EXERCISE PROMPT: Exactly reproduce the data from its first line through the line with "Definition Delta : word", leaving out every line after it.

MATERIAL SUPPLIED:
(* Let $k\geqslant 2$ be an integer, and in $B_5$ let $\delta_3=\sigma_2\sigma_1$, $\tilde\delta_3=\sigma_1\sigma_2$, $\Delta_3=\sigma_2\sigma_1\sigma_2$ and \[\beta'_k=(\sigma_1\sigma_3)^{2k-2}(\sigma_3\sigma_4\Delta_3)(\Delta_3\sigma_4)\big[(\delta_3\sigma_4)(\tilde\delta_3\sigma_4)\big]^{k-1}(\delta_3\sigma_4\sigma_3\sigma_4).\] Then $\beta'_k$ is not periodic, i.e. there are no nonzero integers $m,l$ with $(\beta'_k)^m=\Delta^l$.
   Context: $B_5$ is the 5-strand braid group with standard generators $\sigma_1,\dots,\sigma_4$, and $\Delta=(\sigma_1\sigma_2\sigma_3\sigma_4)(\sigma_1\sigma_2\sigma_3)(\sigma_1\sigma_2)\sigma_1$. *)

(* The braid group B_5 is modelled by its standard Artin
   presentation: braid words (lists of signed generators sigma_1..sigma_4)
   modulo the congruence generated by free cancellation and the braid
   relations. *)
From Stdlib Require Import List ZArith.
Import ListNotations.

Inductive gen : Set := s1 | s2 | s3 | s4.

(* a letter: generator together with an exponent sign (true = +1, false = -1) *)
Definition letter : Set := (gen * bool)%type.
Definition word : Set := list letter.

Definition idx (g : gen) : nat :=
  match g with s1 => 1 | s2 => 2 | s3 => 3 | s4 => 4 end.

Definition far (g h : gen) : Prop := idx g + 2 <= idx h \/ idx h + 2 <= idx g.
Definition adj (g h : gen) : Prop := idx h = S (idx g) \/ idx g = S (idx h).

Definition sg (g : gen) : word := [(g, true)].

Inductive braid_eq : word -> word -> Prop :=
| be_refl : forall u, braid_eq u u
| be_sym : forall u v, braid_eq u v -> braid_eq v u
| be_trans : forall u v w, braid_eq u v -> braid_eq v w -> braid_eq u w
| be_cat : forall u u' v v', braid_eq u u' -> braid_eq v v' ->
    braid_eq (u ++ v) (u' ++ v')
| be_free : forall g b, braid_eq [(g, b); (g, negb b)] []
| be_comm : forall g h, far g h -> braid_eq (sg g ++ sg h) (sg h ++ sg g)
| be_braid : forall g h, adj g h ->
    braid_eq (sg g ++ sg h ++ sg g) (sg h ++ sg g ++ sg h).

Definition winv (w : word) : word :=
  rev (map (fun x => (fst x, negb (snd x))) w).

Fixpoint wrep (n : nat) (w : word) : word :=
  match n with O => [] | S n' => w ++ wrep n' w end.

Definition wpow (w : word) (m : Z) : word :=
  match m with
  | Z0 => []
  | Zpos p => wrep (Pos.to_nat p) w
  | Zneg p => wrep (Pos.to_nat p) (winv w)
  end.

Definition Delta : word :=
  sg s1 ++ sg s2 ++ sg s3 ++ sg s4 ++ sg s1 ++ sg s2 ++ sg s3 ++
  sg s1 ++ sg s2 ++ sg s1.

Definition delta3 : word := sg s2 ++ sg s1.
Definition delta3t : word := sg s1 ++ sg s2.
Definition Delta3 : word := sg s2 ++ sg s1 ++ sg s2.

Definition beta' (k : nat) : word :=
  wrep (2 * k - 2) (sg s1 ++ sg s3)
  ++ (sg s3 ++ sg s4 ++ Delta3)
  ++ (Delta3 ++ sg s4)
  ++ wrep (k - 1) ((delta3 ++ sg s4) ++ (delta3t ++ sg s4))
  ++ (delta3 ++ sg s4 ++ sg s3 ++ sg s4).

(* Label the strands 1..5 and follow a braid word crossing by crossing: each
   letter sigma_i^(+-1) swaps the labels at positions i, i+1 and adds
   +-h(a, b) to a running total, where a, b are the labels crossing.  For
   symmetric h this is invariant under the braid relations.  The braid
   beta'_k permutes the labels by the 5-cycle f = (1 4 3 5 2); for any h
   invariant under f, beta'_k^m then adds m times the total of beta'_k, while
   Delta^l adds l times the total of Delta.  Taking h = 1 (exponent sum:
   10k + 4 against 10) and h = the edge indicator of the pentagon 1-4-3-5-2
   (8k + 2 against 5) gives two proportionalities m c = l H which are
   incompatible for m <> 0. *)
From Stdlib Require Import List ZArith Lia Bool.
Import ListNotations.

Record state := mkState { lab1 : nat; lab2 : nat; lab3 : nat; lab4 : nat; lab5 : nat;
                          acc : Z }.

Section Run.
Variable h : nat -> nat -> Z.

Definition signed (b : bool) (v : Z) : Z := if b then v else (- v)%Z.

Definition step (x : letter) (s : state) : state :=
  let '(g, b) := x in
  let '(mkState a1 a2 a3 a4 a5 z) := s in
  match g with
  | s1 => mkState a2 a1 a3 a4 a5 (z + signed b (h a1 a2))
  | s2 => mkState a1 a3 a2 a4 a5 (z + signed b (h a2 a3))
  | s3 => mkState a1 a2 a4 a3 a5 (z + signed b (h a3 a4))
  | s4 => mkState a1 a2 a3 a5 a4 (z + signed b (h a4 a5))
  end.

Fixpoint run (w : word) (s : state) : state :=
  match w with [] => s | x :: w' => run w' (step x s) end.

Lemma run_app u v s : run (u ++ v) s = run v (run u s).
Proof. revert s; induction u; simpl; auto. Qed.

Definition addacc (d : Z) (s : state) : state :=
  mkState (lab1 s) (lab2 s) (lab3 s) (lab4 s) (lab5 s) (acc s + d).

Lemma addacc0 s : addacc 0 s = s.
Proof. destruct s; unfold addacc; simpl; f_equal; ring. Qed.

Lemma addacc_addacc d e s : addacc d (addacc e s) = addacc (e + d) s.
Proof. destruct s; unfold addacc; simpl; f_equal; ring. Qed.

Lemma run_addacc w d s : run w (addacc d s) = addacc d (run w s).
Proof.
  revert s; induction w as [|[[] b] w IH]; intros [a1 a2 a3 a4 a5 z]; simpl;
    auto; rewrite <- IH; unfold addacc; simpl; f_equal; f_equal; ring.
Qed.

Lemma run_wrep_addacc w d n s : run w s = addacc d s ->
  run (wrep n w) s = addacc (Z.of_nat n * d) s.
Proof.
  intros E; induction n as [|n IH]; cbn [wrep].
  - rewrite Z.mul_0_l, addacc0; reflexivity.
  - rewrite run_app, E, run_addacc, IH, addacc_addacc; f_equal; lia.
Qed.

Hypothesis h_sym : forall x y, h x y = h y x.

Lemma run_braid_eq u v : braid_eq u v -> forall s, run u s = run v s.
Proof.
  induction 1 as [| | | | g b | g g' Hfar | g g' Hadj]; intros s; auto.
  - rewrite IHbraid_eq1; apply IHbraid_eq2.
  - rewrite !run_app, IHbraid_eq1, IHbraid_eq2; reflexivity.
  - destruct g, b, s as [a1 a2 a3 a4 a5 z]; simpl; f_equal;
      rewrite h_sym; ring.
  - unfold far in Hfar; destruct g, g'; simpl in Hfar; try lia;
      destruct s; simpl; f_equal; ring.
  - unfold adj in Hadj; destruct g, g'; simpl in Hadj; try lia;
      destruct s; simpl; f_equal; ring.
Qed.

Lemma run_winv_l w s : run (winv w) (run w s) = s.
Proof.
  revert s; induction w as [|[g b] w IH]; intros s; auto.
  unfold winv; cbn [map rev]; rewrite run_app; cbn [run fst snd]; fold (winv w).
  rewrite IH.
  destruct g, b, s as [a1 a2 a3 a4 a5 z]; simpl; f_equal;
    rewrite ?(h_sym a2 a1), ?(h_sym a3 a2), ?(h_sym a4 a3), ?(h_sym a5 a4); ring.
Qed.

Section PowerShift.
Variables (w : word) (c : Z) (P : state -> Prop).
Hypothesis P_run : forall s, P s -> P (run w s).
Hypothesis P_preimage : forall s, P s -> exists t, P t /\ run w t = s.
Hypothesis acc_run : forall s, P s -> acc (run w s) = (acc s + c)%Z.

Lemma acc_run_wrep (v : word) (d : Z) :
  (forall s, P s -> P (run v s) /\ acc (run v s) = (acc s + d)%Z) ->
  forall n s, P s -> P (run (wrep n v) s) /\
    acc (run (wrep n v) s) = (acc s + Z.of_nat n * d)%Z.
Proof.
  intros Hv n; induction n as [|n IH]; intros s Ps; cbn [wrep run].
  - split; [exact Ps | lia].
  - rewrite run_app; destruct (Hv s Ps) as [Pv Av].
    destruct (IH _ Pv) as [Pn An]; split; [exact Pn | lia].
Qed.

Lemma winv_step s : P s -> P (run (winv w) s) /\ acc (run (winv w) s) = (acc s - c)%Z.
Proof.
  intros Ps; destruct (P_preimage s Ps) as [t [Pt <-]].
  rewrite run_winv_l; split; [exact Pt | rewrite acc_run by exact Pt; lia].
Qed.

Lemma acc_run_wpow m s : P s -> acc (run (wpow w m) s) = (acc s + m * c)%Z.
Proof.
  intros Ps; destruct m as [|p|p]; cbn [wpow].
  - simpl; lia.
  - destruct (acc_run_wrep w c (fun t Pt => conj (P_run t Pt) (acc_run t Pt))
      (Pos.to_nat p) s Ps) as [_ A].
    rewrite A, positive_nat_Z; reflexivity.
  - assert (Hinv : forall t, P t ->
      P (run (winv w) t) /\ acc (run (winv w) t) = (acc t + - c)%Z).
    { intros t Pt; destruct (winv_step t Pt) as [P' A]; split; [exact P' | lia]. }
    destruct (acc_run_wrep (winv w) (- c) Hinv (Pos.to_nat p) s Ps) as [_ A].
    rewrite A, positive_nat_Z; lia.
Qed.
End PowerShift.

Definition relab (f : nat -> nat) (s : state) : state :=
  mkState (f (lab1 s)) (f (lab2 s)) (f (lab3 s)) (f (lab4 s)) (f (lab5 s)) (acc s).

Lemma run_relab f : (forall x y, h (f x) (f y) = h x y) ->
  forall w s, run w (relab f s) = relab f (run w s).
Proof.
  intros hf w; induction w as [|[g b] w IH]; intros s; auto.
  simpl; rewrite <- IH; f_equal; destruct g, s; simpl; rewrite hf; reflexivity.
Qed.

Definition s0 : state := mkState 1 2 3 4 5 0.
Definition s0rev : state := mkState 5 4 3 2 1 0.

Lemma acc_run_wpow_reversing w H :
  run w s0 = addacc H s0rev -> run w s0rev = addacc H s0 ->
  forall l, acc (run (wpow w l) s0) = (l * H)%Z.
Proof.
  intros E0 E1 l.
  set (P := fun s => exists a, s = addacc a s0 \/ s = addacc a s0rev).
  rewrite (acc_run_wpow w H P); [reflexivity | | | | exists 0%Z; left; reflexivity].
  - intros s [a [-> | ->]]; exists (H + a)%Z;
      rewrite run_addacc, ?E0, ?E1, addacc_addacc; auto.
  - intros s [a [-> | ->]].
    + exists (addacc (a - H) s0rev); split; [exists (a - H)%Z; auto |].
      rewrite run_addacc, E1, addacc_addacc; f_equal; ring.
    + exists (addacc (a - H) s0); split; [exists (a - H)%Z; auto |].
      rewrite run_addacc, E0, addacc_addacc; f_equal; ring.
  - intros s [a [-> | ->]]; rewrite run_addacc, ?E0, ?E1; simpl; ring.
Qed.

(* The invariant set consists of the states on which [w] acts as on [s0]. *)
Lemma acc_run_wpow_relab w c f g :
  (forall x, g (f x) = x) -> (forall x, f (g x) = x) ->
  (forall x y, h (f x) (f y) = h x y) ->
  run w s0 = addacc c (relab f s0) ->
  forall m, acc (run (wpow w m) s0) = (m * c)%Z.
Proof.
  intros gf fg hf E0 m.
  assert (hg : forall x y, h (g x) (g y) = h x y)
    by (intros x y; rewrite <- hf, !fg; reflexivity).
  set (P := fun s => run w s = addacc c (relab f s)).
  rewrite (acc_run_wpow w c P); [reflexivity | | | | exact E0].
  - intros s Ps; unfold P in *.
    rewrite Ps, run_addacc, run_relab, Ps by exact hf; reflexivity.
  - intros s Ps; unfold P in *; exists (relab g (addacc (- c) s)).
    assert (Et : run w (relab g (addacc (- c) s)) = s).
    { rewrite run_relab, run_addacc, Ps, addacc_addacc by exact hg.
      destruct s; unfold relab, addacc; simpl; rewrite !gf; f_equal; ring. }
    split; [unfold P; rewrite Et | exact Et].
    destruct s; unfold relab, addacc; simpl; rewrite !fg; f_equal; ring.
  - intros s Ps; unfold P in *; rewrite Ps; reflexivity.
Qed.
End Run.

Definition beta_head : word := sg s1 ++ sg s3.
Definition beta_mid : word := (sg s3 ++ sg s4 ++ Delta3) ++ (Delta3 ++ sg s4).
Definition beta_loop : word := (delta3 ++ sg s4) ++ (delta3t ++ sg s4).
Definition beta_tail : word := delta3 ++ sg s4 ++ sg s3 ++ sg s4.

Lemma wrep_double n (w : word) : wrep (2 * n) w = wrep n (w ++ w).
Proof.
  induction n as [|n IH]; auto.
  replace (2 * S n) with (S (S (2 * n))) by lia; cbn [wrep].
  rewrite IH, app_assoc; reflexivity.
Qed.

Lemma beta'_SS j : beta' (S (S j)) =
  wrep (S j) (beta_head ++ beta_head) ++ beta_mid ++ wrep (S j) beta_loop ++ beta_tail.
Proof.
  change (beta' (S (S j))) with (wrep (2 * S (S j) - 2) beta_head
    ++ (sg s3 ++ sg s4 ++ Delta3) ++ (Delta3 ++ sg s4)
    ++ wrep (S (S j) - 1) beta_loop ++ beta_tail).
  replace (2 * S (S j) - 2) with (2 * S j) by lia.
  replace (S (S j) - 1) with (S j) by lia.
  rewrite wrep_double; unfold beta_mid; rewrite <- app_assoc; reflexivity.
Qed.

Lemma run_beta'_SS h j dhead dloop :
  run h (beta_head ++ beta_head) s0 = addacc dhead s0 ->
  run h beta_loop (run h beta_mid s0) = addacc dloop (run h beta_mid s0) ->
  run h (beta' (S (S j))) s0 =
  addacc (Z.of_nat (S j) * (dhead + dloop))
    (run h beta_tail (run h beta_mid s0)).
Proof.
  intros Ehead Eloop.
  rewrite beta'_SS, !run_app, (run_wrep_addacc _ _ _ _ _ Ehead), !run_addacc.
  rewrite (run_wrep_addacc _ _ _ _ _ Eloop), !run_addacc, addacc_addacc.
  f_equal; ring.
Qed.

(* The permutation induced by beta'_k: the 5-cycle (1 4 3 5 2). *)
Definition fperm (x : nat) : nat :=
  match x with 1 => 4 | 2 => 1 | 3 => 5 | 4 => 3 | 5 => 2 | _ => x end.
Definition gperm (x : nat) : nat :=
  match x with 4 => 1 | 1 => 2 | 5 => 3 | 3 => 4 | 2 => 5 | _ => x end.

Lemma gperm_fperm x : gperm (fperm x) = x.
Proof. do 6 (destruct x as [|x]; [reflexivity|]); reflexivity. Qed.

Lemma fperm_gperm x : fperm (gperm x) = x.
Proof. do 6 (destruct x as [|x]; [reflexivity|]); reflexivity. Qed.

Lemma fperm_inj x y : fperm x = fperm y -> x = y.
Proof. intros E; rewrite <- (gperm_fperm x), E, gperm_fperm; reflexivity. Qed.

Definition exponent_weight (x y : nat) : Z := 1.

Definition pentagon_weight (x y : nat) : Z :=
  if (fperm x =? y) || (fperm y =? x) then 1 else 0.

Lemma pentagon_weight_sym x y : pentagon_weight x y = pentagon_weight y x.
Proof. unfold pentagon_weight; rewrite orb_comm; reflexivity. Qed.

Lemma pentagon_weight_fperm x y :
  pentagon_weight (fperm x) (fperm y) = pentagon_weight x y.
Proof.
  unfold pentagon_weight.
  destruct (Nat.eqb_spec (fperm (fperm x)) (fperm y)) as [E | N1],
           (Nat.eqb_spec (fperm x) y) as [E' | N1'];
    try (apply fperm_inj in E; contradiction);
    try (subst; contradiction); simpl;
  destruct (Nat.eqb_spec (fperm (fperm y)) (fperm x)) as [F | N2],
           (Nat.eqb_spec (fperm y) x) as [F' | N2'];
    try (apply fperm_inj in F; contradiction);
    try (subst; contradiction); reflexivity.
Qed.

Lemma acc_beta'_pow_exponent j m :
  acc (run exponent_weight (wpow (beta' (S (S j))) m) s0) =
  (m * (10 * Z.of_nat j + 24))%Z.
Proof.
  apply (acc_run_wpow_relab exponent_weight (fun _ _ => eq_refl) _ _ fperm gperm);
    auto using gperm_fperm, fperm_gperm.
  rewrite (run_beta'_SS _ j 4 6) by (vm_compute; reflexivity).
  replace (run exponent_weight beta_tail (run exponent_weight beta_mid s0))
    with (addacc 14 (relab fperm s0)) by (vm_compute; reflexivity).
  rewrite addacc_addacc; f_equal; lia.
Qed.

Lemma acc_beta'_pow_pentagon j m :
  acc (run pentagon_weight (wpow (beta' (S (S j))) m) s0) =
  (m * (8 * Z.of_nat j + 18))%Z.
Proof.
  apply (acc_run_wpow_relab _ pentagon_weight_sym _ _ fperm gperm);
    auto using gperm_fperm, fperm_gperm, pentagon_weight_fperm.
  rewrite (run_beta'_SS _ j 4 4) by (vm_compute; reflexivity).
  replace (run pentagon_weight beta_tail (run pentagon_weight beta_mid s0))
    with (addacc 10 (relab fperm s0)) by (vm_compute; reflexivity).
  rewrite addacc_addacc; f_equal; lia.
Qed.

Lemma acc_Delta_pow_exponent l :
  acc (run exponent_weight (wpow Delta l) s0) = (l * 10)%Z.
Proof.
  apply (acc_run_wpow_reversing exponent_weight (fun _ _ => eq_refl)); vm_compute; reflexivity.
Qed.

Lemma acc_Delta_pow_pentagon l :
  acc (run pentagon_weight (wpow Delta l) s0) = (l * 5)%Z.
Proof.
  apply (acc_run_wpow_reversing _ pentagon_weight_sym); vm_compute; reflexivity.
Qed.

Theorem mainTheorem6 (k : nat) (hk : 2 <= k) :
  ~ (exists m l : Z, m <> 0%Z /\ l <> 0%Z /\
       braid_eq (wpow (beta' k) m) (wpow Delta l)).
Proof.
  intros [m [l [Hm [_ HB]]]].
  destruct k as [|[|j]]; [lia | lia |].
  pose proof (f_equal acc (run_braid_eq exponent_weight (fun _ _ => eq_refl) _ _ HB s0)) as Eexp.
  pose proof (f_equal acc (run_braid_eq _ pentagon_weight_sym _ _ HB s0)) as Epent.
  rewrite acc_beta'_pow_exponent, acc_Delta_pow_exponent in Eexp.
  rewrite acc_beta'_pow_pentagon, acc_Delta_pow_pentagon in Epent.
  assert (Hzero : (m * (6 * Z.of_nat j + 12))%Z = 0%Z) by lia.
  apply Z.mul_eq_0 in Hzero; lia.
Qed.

OUTPUT OF THE TASK:
(* Let $k\geqslant 2$ be an integer, and in $B_5$ let $\delta_3=\sigma_2\sigma_1$, $\tilde\delta_3=\sigma_1\sigma_2$, $\Delta_3=\sigma_2\sigma_1\sigma_2$ and \[\beta'_k=(\sigma_1\sigma_3)^{2k-2}(\sigma_3\sigma_4\Delta_3)(\Delta_3\sigma_4)\big[(\delta_3\sigma_4)(\tilde\delta_3\sigma_4)\big]^{k-1}(\delta_3\sigma_4\sigma_3\sigma_4).\] Then $\beta'_k$ is not periodic, i.e. there are no nonzero integers $m,l$ with $(\beta'_k)^m=\Delta^l$.
   Context: $B_5$ is the 5-strand braid group with standard generators $\sigma_1,\dots,\sigma_4$, and $\Delta=(\sigma_1\sigma_2\sigma_3\sigma_4)(\sigma_1\sigma_2\sigma_3)(\sigma_1\sigma_2)\sigma_1$. *)

(* The braid group B_5 is modelled by its standard Artin
   presentation: braid words (lists of signed generators sigma_1..sigma_4)
   modulo the congruence generated by free cancellation and the braid
   relations. *)
From Stdlib Require Import List ZArith.
Import ListNotations.

Inductive gen : Set := s1 | s2 | s3 | s4.

(* a letter: generator together with an exponent sign (true = +1, false = -1) *)
Definition letter : Set := (gen * bool)%type.
Definition word : Set := list letter.

Definition idx (g : gen) : nat :=
  match g with s1 => 1 | s2 => 2 | s3 => 3 | s4 => 4 end.

Definition far (g h : gen) : Prop := idx g + 2 <= idx h \/ idx h + 2 <= idx g.
Definition adj (g h : gen) : Prop := idx h = S (idx g) \/ idx g = S (idx h).

Definition sg (g : gen) : word := [(g, true)].

Inductive braid_eq : word -> word -> Prop :=
| be_refl : forall u, braid_eq u u
| be_sym : forall u v, braid_eq u v -> braid_eq v u
| be_trans : forall u v w, braid_eq u v -> braid_eq v w -> braid_eq u w
| be_cat : forall u u' v v', braid_eq u u' -> braid_eq v v' ->
    braid_eq (u ++ v) (u' ++ v')
| be_free : forall g b, braid_eq [(g, b); (g, negb b)] []
| be_comm : forall g h, far g h -> braid_eq (sg g ++ sg h) (sg h ++ sg g)
| be_braid : forall g h, adj g h ->
    braid_eq (sg g ++ sg h ++ sg g) (sg h ++ sg g ++ sg h).

Definition winv (w : word) : word :=
  rev (map (fun x => (fst x, negb (snd x))) w).

Fixpoint wrep (n : nat) (w : word) : word :=
  match n with O => [] | S n' => w ++ wrep n' w end.

Definition wpow (w : word) (m : Z) : word :=
  match m with
  | Z0 => []
  | Zpos p => wrep (Pos.to_nat p) w
  | Zneg p => wrep (Pos.to_nat p) (winv w)
  end.

Definition Delta : word :=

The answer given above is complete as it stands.